The total debt owed banks by Bulk Oil Distribution Companies (BDCs), is expected to reduce by some 540 million cedis by the end of this week.
It follows the disbursement of proceeds from the energy bond to the affected institutions.
The disbursement, Citi Business News understands was carried out on Wednesday, November 8, 2017 to Legacy Bond Limited (LBL) for onward distribution among the BDCs and their respective banks.
LBL is a company jointly established by the Chamber of Bulk Oil Distributors (CBOD) and the Ghana Association of Bankers (GAB) for purposes of repayment of the legacy debt due the two institutions.

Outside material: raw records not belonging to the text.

(* Let $\Omega$, $\mu$, $w$, $\alpha$ and $T_{\alpha,w,\infty}$ be as in the context, and let $F\subseteq\Omega$ be a Borel set with $0<\mu(F)<\infty$. Suppose there is $N>0$ such that $\alpha^n(F)\cap F=\varnothing$ for all $n\geq N$ and $$\beta:=\inf\Big\{\prod_{k=1}^n(w\circ\alpha^{-k})(t):\ n\geq N,\ t\in F\Big\}\neq0.$$ Then the set $$\{f\in L^\infty(\Omega,\mu):\ \|T^n_{\alpha,w,\infty}f-\chi_F\|_\infty\geq1\ \text{ for all } n\geq N\}$$ is not $\sigma$-porous in $L^\infty(\Omega,\mu)$.
   Context: $\Omega$ is a locally compact Hausdorff space with a nonnegative Radon measure $\mu$; $w:\Omega\to(0,\infty)$ is a bounded measurable function; $\alpha:\Omega\to\Omega$ is a bijective bi-measurable map such that $\|f\circ\alpha\|_\infty=\|f\circ\alpha^{-1}\|_\infty=\|f\|_\infty$ for all $f\in L^\infty(\Omega,\mu)$. Here $\alpha^{-1}$ is the inverse map, $\alpha^{-k}:=(\alpha^{-1})^k$, $\alpha^k$ is the $k$-fold iterate. $T_{\alpha,w,\infty}:L^\infty(\Omega,\mu)\to L^\infty(\Omega,\mu)$ is $T_{\alpha,w,\infty}f:=w\cdot(f\circ\alpha)$. Porosity: Let $X$ be a metric space and $0<\lambda<1$. A set $E\subseteq X$ is $\lambda$-porous at $x\in E$ if for each $\delta>0$ there is $y\in B(x;\delta)\setminus\{x\}$ with $B(y;\lambda\, d(x,y))\cap E=\varnothing$; $E$ is $\lambda$-porous if it is $\lambda$-porous at each of its points; $E$ is $\sigma$-$\lambda$-porous if it is a countable union of $\lambda$-porous subsets of $X$. A set is called $\sigma$-porous if it is $\sigma$-$\lambda$-porous for some $\lambda\in(0,1)$; ''not $\sigma$-porous'' means not $\sigma$-$\lambda$-porous for any $\lambda\in(0,1)$. *)

From HB Require Import structures.
From mathcomp Require Import all_boot all_order all_algebra.
From mathcomp Require Import all_classical all_reals all_analysis.
From mathcomp Require Import ess_sup_inf.
Set Implicit Arguments. Unset Strict Implicit. Unset Printing Implicit Defensive.
Import Order.TTheory GRing.Theory Num.Theory Num.Def.
Import numFieldNormedType.Exports.
Local Open Scope classical_set_scope.
Local Open Scope ring_scope.

Notation borelT T := (g_sigma_algebraType (@open T)).

Definition radon_measure (T : ptopologicalType) (R : realType)
  (mu : {measure set (borelT T) -> \bar R}) : Prop :=
  [/\ (forall K : set T, compact K -> (mu K < +oo)%E),
      (forall E : set (borelT T), measurable E ->
          mu E = ereal_inf [set mu U | U in [set U : set T | open U /\ E `<=` U]]) &
      (forall U : set T, open U ->
          mu U = ereal_sup [set mu K | K in [set K : set T | compact K /\ K `<=` U]])].

Section Linf.
Variables (T : ptopologicalType) (R : realType).
Variable mu : {measure set (borelT T) -> \bar R}.

Definition Linf_norm (f : borelT T -> R) : \bar R := ess_sup mu (EFin \o (normr \o f)).

(* L^oo(Omega, mu): measurable essentially bounded real functions
   (represented by functions; L^oo is their quotient by a.e. equality). *)
Definition Linf : set (borelT T -> R) :=
  [set f | measurable_fun setT f /\ (Linf_norm f < +oo)%E].

Definition Linf_dist (f g : borelT T -> R) : \bar R := Linf_norm (f \- g).
End Linf.

Definition wcomp (T : Type) (R : pzRingType) (alpha : T -> T) (w : T -> R)
  (f : T -> R) : T -> R := fun x => w x * f (alpha x).

(* Points at distance 0 are identified (they are the same element of the
   metric quotient), so "y <> x" reads "0 < d x y". *)
Section Porosity.
Variables (V : Type) (R : realType) (X : set V) (d : V -> V -> \bar R).

Definition porous_at (lam : R) (E : set V) (x : V) : Prop :=
  forall delta : R, 0 < delta ->
    exists y, X y /\ (0 < d x y)%E /\ (d x y < delta%:E)%E /\
      (forall z, X z -> (d y z < lam%:E * d x y)%E -> ~ E z).

Definition lam_porous (lam : R) (E : set V) : Prop :=
  E `<=` X /\ forall x, E x -> porous_at lam E x.

Definition sigma_lam_porous (lam : R) (E : set V) : Prop :=
  exists Es : nat -> set V, (forall i, lam_porous lam (Es i)) /\
    E = \bigcup_i Es i.

Definition sigma_porous (E : set V) : Prop :=
  exists lam : R, 0 < lam < 1 /\ sigma_lam_porous lam E.
End Porosity.

From HB Require Import structures.
From mathcomp Require Import all_boot all_order all_algebra.
From mathcomp Require Import all_classical all_reals all_analysis.
From mathcomp Require Import ess_sup_inf.
From mathcomp Require Import lra.
Set Implicit Arguments. Unset Strict Implicit. Unset Printing Implicit Defensive.
Import Order.TTheory GRing.Theory Num.Theory Num.Def.
Import numFieldNormedType.Exports.
Local Open Scope classical_set_scope.
Local Open Scope ring_scope.

(* Proof strategy.
   1. A Baire-type principle: in an (extended) metric space in which every
      sequence of shrinking nested closed balls has a point in common, no set
      containing an open ball is sigma-porous.  A lambda-porous set can be
      avoided by a closed sub-ball of at most half the radius of any given
      ball; iterating this along the countable family of porous pieces gives
      nested balls whose common point lies in the given ball yet in no piece.
   2. L^oo(mu) with the distance Linf_dist satisfies these hypotheses: the
      distance is finite, vanishes on the diagonal, obeys the triangle
      inequality, and nested balls have a common point (completeness of L^oo,
      proved by taking pointwise limits off a null set).
   3. Let b > 0 be a lower bound of the products prod_{k=1}^n w(alpha^-k t),
      t in F, n >= N, and c = 1/b + 1.  If ||g - c chi_F||_oo < 1 and
      n >= N, then on F we have g > 1/b, hence on alpha^n(F), which misses F,
      |T^n g - chi_F| = |prod * g| o alpha^-n >= 1.  As alpha^-n preserves
      the L^oo norm and mu(F) > 0, this gives ||T^n g - chi_F||_oo >= 1, so
      the whole open unit ball around c chi_F lies in the set of the theorem,
      which is therefore not sigma-porous by 1 and 2. *)

Lemma halving_radii_small (R : realType) (r : nat -> R) :
  (forall n, 0 < r n) -> (forall n, r n.+1 <= r n / 2) ->
  forall e, 0 < e -> exists i, r i < e.
Proof.
move=> r0 rhalf.
have r_mul n : r n * n.+1%:R <= r 0%N.
  elim: n => [|n IH]; first by rewrite mulr1.
  apply: le_trans IH; have -> : (n.+2%:R : R) = n.+1%:R + 1 by rewrite -addn1 natrD.
  have m_ge1 : (1 <= n.+1%:R :> R) by rewrite ler1n.
  have m1_ge0 : (0 <= n.+1%:R + 1 :> R) by lra.
  have := ler_wpM2r m1_ge0 (rhalf n); have := r0 n.+1.
  nra.
move=> e e0; exists (truncn (r 0%N / e)); set m := truncn _.
have lt_trunc : r 0%N < m.+1%:R * e by rewrite -ltr_pdivrMr //; exact: truncnS_gt.
have m_gt0 : (0 < m.+1%:R :> R) by rewrite ltr0n.
by rewrite -(ltr_pM2r m_gt0) [e * _]mulrC; exact: le_lt_trans (r_mul m) lt_trunc.
Qed.

Lemma cauchy_lim_bound (R : realType) (u r : nat -> R) :
  (forall e, 0 < e -> exists i, r i < e) ->
  (forall i j, (i <= j)%N -> `|u i - u j| <= r i) ->
  cvgn u /\ forall i, `|u i - limn u| <= r i.
Proof.
move=> r_small u_tail.
have u_cvg : cvgn u.
  apply/cauchy_cvgP/cauchy_exP => e e0; have [i ri] := r_small e e0.
  exists (u i), i => // n /= ni; rewrite -ball_normE /=.
  exact: le_lt_trans (u_tail i n ni) ri.
split => // i; rewrite ler_norml; apply/andP; split.
- rewrite lerBrDl -lerBrDr addrC; apply: limr_le => //.
  exists i => // n /= ni; have := u_tail i n ni; rewrite ler_norml.
  move=> /andP[h _]; lra.
- rewrite lerBlDr -lerBlDl; apply: limr_ge => //.
  exists i => // n /= ni; have := u_tail i n ni; rewrite ler_norml.
  move=> /andP[_ h]; lra.
Qed.

Lemma ereal_inf_pos_lbound (R : realType) (S : set (\bar R)) :
  (forall y, S y -> (0 <= y)%E) -> ereal_inf S != 0%E ->
  exists2 b : R, 0 < b & forall y, S y -> (b%:E <= y)%E.
Proof.
move=> S_ge0; have inf_ge0 : (0 <= ereal_inf S)%E by apply/ereal_infP.
have inf_lb := @ereal_inf_lbound R S.
move: inf_ge0 inf_lb; case: (ereal_inf S) => [r| |] //.
- by rewrite lee_fin => r_ge0 r_lb r_neq0; exists r; rewrite // lt_def r_ge0 andbT.
- by move=> _ oo_lb _; exists 1 => // y Sy; exact: le_trans (leey _) (oo_lb y Sy).
Qed.

Section PorousBaire.
Variables (V : Type) (R : realType) (X : set V) (d : V -> V -> \bar R).
Hypothesis dist_fin : forall x y, X x -> X y -> d x y = (fine (d x y))%:E.
Hypothesis dist_refl : forall x, X x -> d x x = 0%E.
Hypothesis dist_tri :
  forall x y z, X x -> X y -> X z -> (d x z <= d x y + d y z)%E.

Definition nested_balls_complete : Prop :=
  forall (c : nat -> V) (r : nat -> R), (forall i, X (c i)) ->
    (forall i, 0 < r i) -> (forall e, 0 < e -> exists i, r i < e) ->
    (forall i j, (i <= j)%N -> (d (c i) (c j) <= (r i)%:E)%E) ->
    exists f, X f /\ forall i, (d (c i) f <= (r i)%:E)%E.

(* Any ball B(c, r) contains a closed ball of radius at most r/2 that misses a
   given lambda-porous set: either the set stays away from B(c, r/2), or a hole
   provided by porosity at one of its points near c is used. *)
Lemma porous_avoid {lam : R} {P : set V} {c : V} {r : R} :
  0 < lam -> lam_porous X d lam P -> X c -> 0 < r -> exists c' r', [/\ X c', 0 < r', r' <= r / 2,
    fine (d c c') + r' <= r &
    forall z, X z -> (d c' z <= r'%:E)%E -> ~ P z].
Proof.
move=> lam0 [PX P_porous] Xc r0.
have [[x [Px dcx]]|no_near] := pselect (exists x, P x /\ (d c x < (r/2)%:E)%E).
  have Xx := PX _ Px.
  move: dcx; rewrite (dist_fin Xc Xx) lte_fin => dcx.
  have room : 0 < r / 2 - fine (d c x) by rewrite subr_gt0.
  have [y [Xy [dxy0 [dxy hole]]]] := P_porous x Px _ room.
  move: dxy0 dxy hole; rewrite (dist_fin Xx Xy) !lte_fin => dxy0 dxy hole.
  have tri := dist_tri Xc Xx Xy.
  rewrite (dist_fin Xc Xx) (dist_fin Xx Xy) (dist_fin Xc Xy) -EFinD lee_fin in tri.
  set r' := minr (lam * fine (d x y) / 2) (r / 2).
  have r'_half : r' <= r / 2 by rewrite ge_min lexx orbT.
  have r'_hole : r' < lam * fine (d x y).
    apply: (@le_lt_trans _ _ (lam * fine (d x y) / 2)); first by rewrite ge_min lexx.
    have : 0 < lam * fine (d x y) by rewrite mulr_gt0.
    lra.
  exists y, r'; split => //.
  - by rewrite lt_min !divr_gt0 ?mulr_gt0.
  - lra.
  move=> z Xz; rewrite (dist_fin Xy Xz) lee_fin => dyz.
  by apply: (hole z Xz); rewrite (dist_fin Xy Xz) lte_fin (le_lt_trans dyz).
exists c, (r / 4); split => //.
- by rewrite divr_gt0.
- lra.
- rewrite dist_refl //=; lra.
move=> z Xz dcz Pz; apply: no_near; exists z; split => //.
by apply: le_lt_trans dcz _; rewrite lte_fin; lra.
Qed.

Lemma nested_balls_avoid {lam : R} {Es : nat -> set V} {c0 : V} {r0 : R} :
  0 < lam -> (forall i, lam_porous X d lam (Es i)) -> X c0 -> 0 < r0 ->
  exists (c : nat -> V) (r : nat -> R), [/\ c 0%N = c0, r 0%N = r0 &
    forall n, [/\ X (c n), 0 < r n, r n.+1 <= r n / 2,
      fine (d (c n) (c n.+1)) + r n.+1 <= r n &
      forall z, X z -> (d (c n.+1) z <= (r n.+1)%:E)%E -> ~ Es n z]].
Proof.
move=> lam0 Es_porous Xc0 r0_gt0.
have : forall p : nat * (V * R), exists q : V * R, X p.2.1 -> 0 < p.2.2 ->
    [/\ X q.1, 0 < q.2, q.2 <= p.2.2 / 2, fine (d p.2.1 q.1) + q.2 <= p.2.2 &
     forall z, X z -> (d q.1 z <= q.2%:E)%E -> ~ Es p.1 z].
  move=> [i [c r]] /=.
  have [[Xc r_gt0]|not_ball] := pselect (X c /\ 0 < r); last first.
    by exists (c, r) => Xc r_gt0; exfalso; apply: not_ball.
  have [c' [r' step]] := porous_avoid lam0 (Es_porous i) Xc r_gt0.
  by exists (c', r').
move=> /choice[next next_spec].
pose s := fix s n := if n is m.+1 then next (m, s m) else (c0, r0).
have s_ball n : X (s n).1 /\ 0 < (s n).2.
  elim: n => [//|n [Xs s_gt0]].
  by have [] := next_spec (n, s n) Xs s_gt0.
exists (fun n => (s n).1), (fun n => (s n).2); split => // n.
have [Xs s_gt0] := s_ball n.
by have [] := next_spec (n, s n) Xs s_gt0.
Qed.

Lemma nested_balls_dist (c : nat -> V) (r : nat -> R) :
  (forall n, X (c n)) -> (forall n, 0 < r n) ->
  (forall n, fine (d (c n) (c n.+1)) + r n.+1 <= r n) ->
  forall i j, (i <= j)%N -> (d (c i) (c j) <= (r i)%:E)%E.
Proof.
move=> Xc r_gt0 nested i j /subnKC <-.
have shift k : fine (d (c i) (c (i + k)%N)) + r (i + k)%N <= r i.
  elim: k => [|k IH]; first by rewrite addn0 dist_refl // add0r.
  have tri := dist_tri (Xc i) (Xc (i + k)%N) (Xc (i + k).+1).
  rewrite (dist_fin (Xc i) (Xc (i + k)%N)) (dist_fin (Xc (i + k)%N) (Xc _))
    (dist_fin (Xc i) (Xc (i + k).+1)) -EFinD lee_fin in tri.
  by have := nested (i + k)%N; rewrite addnS; lra.
have := shift (j - i)%N; have := r_gt0 (i + (j - i))%N.
by rewrite (dist_fin (Xc i) (Xc _)) lee_fin; lra.
Qed.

It is unclear the total indebtedness of the BDCs to banks presently.
But information available to Citi Business News show that as at the end of December 2016, the total indebtedness attributable to BDCs stood around 1.2 billion cedis.

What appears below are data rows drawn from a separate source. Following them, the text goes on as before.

(* Let $n\ge6$ be even, $m\in\mathbb N$, and assume the seeds are i.i.d. uniform on $[n]$. Then for every $k\in\{2,\dots,n/2\}$, $$\mathsf P\bigl(\Xi_{\{1,k\}}(1)\le\Xi_{\{1,k\}}(k)\bigr)\le\exp\Bigl\{m\log\Bigl[1-\tfrac1n\bigl(\sqrt{n+1-k}-\sqrt{k-1}\bigr)^2\Bigr]\Bigr\}.$$
   Context: Candidates $[n]$, $m$ voters; voter $j$ has the clockwise oriented preference list $(s_j,s_j+1,\dots,n,1,\dots,s_j-1)$ with seed $s_j$; the seeds are independent and uniform on $[n]$. In an election among a non-empty $S\subseteq[n]$ each voter votes for the first candidate of $S$ in its list; $\Xi_S(i)$ is the number of votes for $i\in S$. *)

From HB Require Import structures.
From mathcomp Require Import all_boot all_order all_algebra.
From mathcomp Require Import reals.
From mathcomp Require Import sequences exp.
Set Implicit Arguments. Unset Strict Implicit. Unset Printing Implicit Defensive.
Import Order.TTheory GRing.Theory Num.Theory.

(* Candidates are the natural numbers 1..n.  A seed is an element of 'I_n;
   the seed s : 'I_n stands for the candidate s.+1 in [n]. *)

Definition pref (n s : nat) : seq nat := iota s (n.+1 - s) ++ iota 1 (s.-1).

Definition vote (n : nat) (S : seq nat) (s : 'I_n) : nat :=
  head 0 [seq c <- pref n s.+1 | c \in S].

Definition Xi (n m : nat) (S : seq nat) (seeds : {ffun 'I_m -> 'I_n}) (i : nat) : nat :=
  #|[set j : 'I_m | vote S (seeds j) == i]|.

(* Probability of an event on i.i.d. uniform seeds: uniform measure on
   the n^m seed vectors. *)
Definition Prob (R : realType) (n m : nat) (E : pred {ffun 'I_m -> 'I_n}) : R :=
  (#|[set w | E w]|%:R / (n ^ m)%:R)%R.
Arguments Prob R n m E : clear implicits.

From HB Require Import structures.
From mathcomp Require Import all_boot all_order all_algebra.
From mathcomp Require Import reals.
From mathcomp Require Import sequences exp.
From mathcomp Require Import zify ring.
Import Order.TTheory GRing.Theory Num.Theory.

(* In the election {1, k} a voter votes for k iff its seed lies in {2, ..., k},
   which has probability a/n with a = k - 1, and for 1 otherwise (b = n + 1 - k).
   Chernoff's exponential tilting with weight l = sqrt(b/a) >= 1 bounds the
   indicator of "1 gets at most as many votes as k" by the product over voters
   of l (vote for k) or 1/l (vote for 1); summed over all seed vectors this
   factorizes as (l a + b / l)^m = (2 sqrt(a b))^m, and
   2 sqrt(a b) / n = 1 - (sqrt b - sqrt a)^2 / n. *)

Lemma head_filter_iota_cat (p : pred nat) (a j l x0 : nat) (t : seq nat) :
  (j < l)%N -> p (a + j)%N -> {in iota a j, forall c, ~~ p c} ->
  head x0 ([seq c <- iota a l | p c] ++ t) = (a + j)%N.
Proof.
move=> jl paj p_prefix; rewrite -(subnKC (ltnW jl)) iotaD filter_cat.
have -> : [seq c <- iota a j | p c] = [::].
  by apply/eqP/negbNE; rewrite -has_filter; apply/hasPn.
by rewrite -(subnSK jl) /= paj.
Qed.

Lemma vote_pair (n k : nat) (s : 'I_n) : (2 <= k <= n)%N ->
  vote [:: 1%N; k] s = if (0 < s < k)%N then k else 1%N.
Proof.
move=> /andP [k2 kn]; have n_pos : (0 < n)%N := leq_ltn_trans (leq0n s) (ltn_ord s).
rewrite /vote /pref filter_cat.
have [-> /=|s_pos] := posnP s.
  by rewrite (@head_filter_iota_cat _ 1 0) ?inE ?eqxx // subn1.
case: ltnP => [sk|ks].
  rewrite (@head_filter_iota_cat _ s.+1 (k - s.+1)) ?subnKC ?inE ?eqxx ?orbT //; first lia.
  by move=> c; rewrite mem_iota !inE => c_range; apply/norP; split; apply/eqP; lia.
have -> : [seq c <- iota s.+1 (n.+1 - s.+1) | c \in [:: 1%N; k]] = [::].
  apply/eqP/negbNE; rewrite -has_filter; apply/hasPn => c; rewrite mem_iota !inE.
  by move=> c_range; apply/norP; split; apply/eqP; lia.
by case: (nat_of_ord s) s_pos.
Qed.

Lemma Xi_pair_k (n m k : nat) (w : {ffun 'I_m -> 'I_n}) : (2 <= k <= n)%N ->
  Xi [:: 1%N; k] w k = #|[set j | (0 < w j < k)%N]|.
Proof.
move=> k_range; apply: eq_card => j; rewrite !inE vote_pair //.
by case: ifP; rewrite ?eqxx // ltn_eqF //; case/andP: k_range.
Qed.

Lemma Xi_pair_1 (n m k : nat) (w : {ffun 'I_m -> 'I_n}) : (2 <= k <= n)%N ->
  Xi [:: 1%N; k] w 1 = #|[set j | ~~ (0 < w j < k)%N]|.
Proof.
move=> k_range; apply: eq_card => j; rewrite !inE vote_pair //.
by case: ifP; rewrite ?eqxx // gtn_eqF //; case/andP: k_range.
Qed.

Lemma card_ord_range (n k : nat) : (k <= n)%N ->
  #|[pred s : 'I_n | 0 < s < k]| = k.-1.
Proof.
move=> kn; rewrite -sum1_card big_mkcond /=.
rewrite -(big_mkord xpredT (fun s => if 0 < s < k then 1 else 0))%N.
rewrite (big_cat_nat (n := k)) //= [X in (_ + X)%N]big1_seq ?addn0; last first.
  by move=> i; rewrite mem_index_iota => /and3P [_ ki _]; rewrite [(i < k)%N]ltnNge ki andbF.
case: k kn => [|k] _; first by rewrite big_geq.
rewrite big_nat_recl //= add0n (eq_big_nat _ _ (F2 := fun=> 1%N)).
  by rewrite sum_nat_const_nat muln1 subn0.
by move=> i /andP [_ ik]; rewrite ltnS ik.
Qed.

Local Open Scope ring_scope.

Lemma sumr_if (V : nmodType) (T : finType) (q : pred T) (x y : V) :
  \sum_t (if q t then x else y) = x *+ #|q| + y *+ (#|T| - #|q|).
Proof. by rewrite big_if /= !sumr_const -(cardC q) addKn. Qed.

Lemma prod_tilt_ge1 (R : numFieldType) (I : finType) (p : pred I) (l : R) :
  1 <= l -> (#|[predC p]| <= #|p|)%N -> 1 <= \prod_i (if p i then l else l^-1).
Proof.
move=> l_ge1 card_le; have l_neq0 : l != 0 by rewrite gt_eqF // (lt_le_trans ltr01).
rewrite big_if /= !prodr_const -(subnK card_le) exprD -mulrA exprVn.
by rewrite mulfV ?expf_neq0 // mulr1 exprn_ege1.
Qed.

Lemma card_majority_le (R : numFieldType) (I S : finType) (q : pred S) (l : R) :
  1 <= l ->
  #|[set w : {ffun I -> S} | (#|[set i | ~~ q (w i)]| <= #|[set i | q (w i)]|)%N]|%:R
  <= (\sum_s (if q s then l else l^-1)) ^+ #|I|.
Proof.
move=> l_ge1; set g := fun s => if q s then l else l^-1.
have g_ge0 s : 0 <= g s by rewrite /g; case: ifP; rewrite ?invr_ge0 (le_trans ler01).
have -> : (\sum_s g s) ^+ #|I| = \sum_(w : {ffun I -> S}) \prod_i g (w i).
  by rewrite -(bigA_distr_bigA (fun (i : I) (s : S) => g s)) prodr_const.
rewrite -sum1_card natr_sum big_mkcond; apply: ler_sum => w _.
rewrite inE; case: ifP => [majority|_]; last exact: prodr_ge0.
by apply: prod_tilt_ge1 => //; move: majority; rewrite !cardsE.
Qed.

Lemma tilt_balance (R : rcfType) (a b : R) : 0 < a -> 0 < b ->
  Num.sqrt b / Num.sqrt a * a + (Num.sqrt b / Num.sqrt a)^-1 * b
  = 2 * Num.sqrt a * Num.sqrt b.
Proof.
move=> a_pos b_pos; have sa_neq0 : Num.sqrt a != 0 by rewrite gt_eqF ?sqrtr_gt0.
have sb_neq0 : Num.sqrt b != 0 by rewrite gt_eqF ?sqrtr_gt0.
have a_sq := sqr_sqrtr (ltW a_pos); have b_sq := sqr_sqrtr (ltW b_pos).
set x := Num.sqrt a in a_sq sa_neq0 *; set y := Num.sqrt b in b_sq sb_neq0 *.
by rewrite -[in X in _ * X + _]a_sq -[in X in _ + _ * X]b_sq; field; apply/andP.
Qed.

Lemma sum_tilt_ord_range (R : rcfType) (n k : nat) (l : R) : (2 <= k <= n)%N ->
  l = Num.sqrt (n.+1 - k)%:R / Num.sqrt k.-1%:R ->
  \sum_(s < n) (if (0 < s < k)%N then l else l^-1)
  = 2 * Num.sqrt k.-1%:R * Num.sqrt (n.+1 - k)%:R.
Proof.
move=> /andP [k2 kn] ->; rewrite sumr_if card_ord_range //.
rewrite card_ord (_ : n - k.-1 = n.+1 - k)%N; last lia.
by rewrite -[X in X + _]mulr_natr -[X in _ + X]mulr_natr tilt_balance // ltr0n; lia.
Qed.

Lemma one_sub_sqr_sqrtB (R : rcfType) (a b : R) : 0 <= a -> 0 <= b -> a + b != 0 ->
  1 - (a + b)^-1 * (Num.sqrt b - Num.sqrt a) ^+ 2
  = 2 * Num.sqrt a * Num.sqrt b / (a + b).
Proof.
move=> /sqr_sqrtr a_sq /sqr_sqrtr b_sq.
set x := Num.sqrt a in a_sq *; set y := Num.sqrt b in b_sq *.
by rewrite -a_sq -b_sq => ab_neq0; field.
Qed.

Theorem mainTheorem5 (R : realType) (n m k : nat) :
  (6 <= n)%N -> ~~ odd n -> (2 <= k)%N -> (k <= n./2)%N ->
  Prob R n m (fun w : {ffun 'I_m -> 'I_n} => (Xi [:: 1%N; k] w 1 <= Xi [:: 1%N; k] w k)%N)
  <= expR (m%:R * ln (1 - n%:R^-1 *
        (Num.sqrt (n.+1 - k)%N%:R - Num.sqrt (k.-1)%:R) ^+ 2)).
Proof.
move=> _ _ k2; rewrite geq_half_double => k2_le_n.
have k_range : (2 <= k <= n)%N by apply/andP; split; lia.
set a := k.-1; set b := (n.+1 - k)%N.
have [a_pos a_le_b ab] : [/\ 0 < a, a <= b & (a + b)%N = n]%N by split; lia.
set l : R := Num.sqrt b%:R / Num.sqrt a%:R.
have l_ge1 : 1 <= l.
  by rewrite ler_pdivlMr ?sqrtr_gt0 ?ltr0n // mul1r ler_sqrt ?ler_nat.
set x : R := 2 * Num.sqrt a%:R * Num.sqrt b%:R.
have x_pos : 0 < x by rewrite !mulr_gt0 ?sqrtr_gt0 ?ltr0n //; lia.
have n_pos : (0 : R) < n%:R by rewrite ltr0n; lia.
have -> : 1 - n%:R^-1 * (Num.sqrt b%:R - Num.sqrt a%:R) ^+ 2 = x / n%:R.
  by rewrite -ab natrD one_sub_sqr_sqrtB ?ler0n // -natrD ab gt_eqF.
rewrite mulr_natl -lnXn ?divr_gt0 // lnK ?posrE ?exprn_gt0 ?divr_gt0 //.
rewrite /Prob natrX expr_div_n ler_pM2r ?invr_gt0 ?exprn_gt0 //.
have := @card_majority_le R 'I_m _ (fun s : 'I_n => 0 < s < k)%N _ l_ge1.
rewrite card_ord (@sum_tilt_ord_range R n k l k_range erefl); apply: le_trans.
by rewrite ler_nat; apply/eq_leq/eq_card => w; rewrite !inE Xi_pair_1 // Xi_pair_k.
Qed.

Industry watchers believe the figure is projected to have escalated due to foreign exchange losses plus accumulated interest among others.
Commenting on the initial payments and allocations after the energy bond, the Managing Director of CAL Bank, Frank Adu Junior stated that the disbursement to banks should reduce their exposure to the BDC debt.
“Legacy Bond Limited has been allocated 542.1 million cedis in bonds and these bonds will be shared in a certain prorated formula to the various BDCs and the bonds will be assigned by LBL to the various banks who are owed money by the BDCs in another formula that has been determined. So the BDC debts outstanding on the books of banks collectively by the end of this week, will go down by 541 million cedis,” he told Citi Business News.
Meanwhile Citi Business News understands that an additional 170 million cedis is being audited for payment to be effected by the end of November.
The move according to Mr. Frank Adu Junior, should revive operations in the energy sector soon.